▶ [TASK INSTRUCTIONS] Transcribe exactly the line in which "have [mu mu_ge0 <-] := chernoff_Z l l01." occurs, plus every line that comes after it up to the end of the entries.

═══

Lemma prob_side_le N (g : 'I_N -> X -> R) (P Z : X -> R) s alpha
    (E : pred {ffun 'I_N -> X}) :
  (forall i x, 0 <= g i x) -> (forall i, \sum_x g i x = 1) ->
  full_pmf P -> uniq s -> {in s, forall i, g i =1 P} -> (0 < alpha)%N ->
  (forall d, E d -> exists m,
     [/\ (alpha <= m)%N, (m <= size s)%N & 0 <= \sum_(i <- take m s) Z (d i)]) ->
  (forall x y, Z x - Z y <= span) -> \sum_x P x * Z x <= - C ->
  (forall l, 0 < l < 1 ->
     exists2 mu, 0 <= mu & \sum_x P x * expR (mu * Z x) = chernoff_coef P0 P1 l) ->
  prob g E <= Num.min (expR (- (alpha%:R * C ^+ 2 / span ^+ 2)))
                      (expR (- (alpha%:R * chernoff_info P0 P1))).
Proof.
move=> g_ge0 g_sum1 [P_gt0 P_sum1] uniq_s law_s alpha_gt0 witness span_Z mean_Z
  chernoff_Z.
have P_ge0 x : 0 <= P x := ltW (P_gt0 x).
have partial_sum_le mu (mu_ge0 : 0 <= mu) :=
  prob_partial_sum_nonneg_le g_ge0 g_sum1 P_ge0 mu_ge0 uniq_s law_s witness.
rewrite le_min; apply/andP; split.
  have span_gt0 : 0 < span by have := KL_min_gt0; have := KL_min_le_span; lra.
  have mu_ge0 : 0 <= 2 * C / span ^+ 2.
    by rewrite divr_ge0 ?exprn_ge0 ?ltW // mulr_gt0 ?KL_min_gt0.
  apply: le_trans (partial_sum_le _ mu_ge0) _.
  have -> : expR (- (alpha%:R * C ^+ 2 / span ^+ 2)) =
      expR (- (C ^+ 2 / span ^+ 2)) ^+ alpha by rewrite -expRM_natl; congr expR; ring.
  apply: lerXn2r; rewrite ?nnegrE ?expR_ge0 //.
    by apply: sumr_ge0 => x _; rewrite mulr_ge0 ?expR_ge0.
  by rewrite (mgf_le_neg_mean P_ge0 P_sum1) ?KL_min_gt0 ?KL_min_le_span.
apply: le_expR_chernoff alpha_gt0 _ => l l01.
have [mu mu_ge0 <-] := chernoff_Z l l01.
exact: partial_sum_le.
Qed.

End LogLikelihoodRatio.

Lemma big_take_map_iota (V : nmodType) (T : Type) (F : T -> V) (f : nat -> T) a L m :
  (m <= L)%N ->
  \sum_(i <- take m [seq f j | j <- iota a L]) F i = \sum_(a <= j < a + m) F (f j).
Proof.
by move=> mL; rewrite -map_take take_iota (minn_idPl mL) big_map /index_iota addKn.
Qed.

═══

▶ [RESULT FOR THIS TASK]
have [mu mu_ge0 <-] := chernoff_Z l l01.
exact: partial_sum_le.
Qed.

End LogLikelihoodRatio.

Lemma big_take_map_iota (V : nmodType) (T : Type) (F : T -> V) (f : nat -> T) a L m :
  (m <= L)%N ->
  \sum_(i <- take m [seq f j | j <- iota a L]) F i = \sum_(a <= j < a + m) F (f j).
Proof.
by move=> mL; rewrite -map_take take_iota (minn_idPl mL) big_map /index_iota addKn.
Qed.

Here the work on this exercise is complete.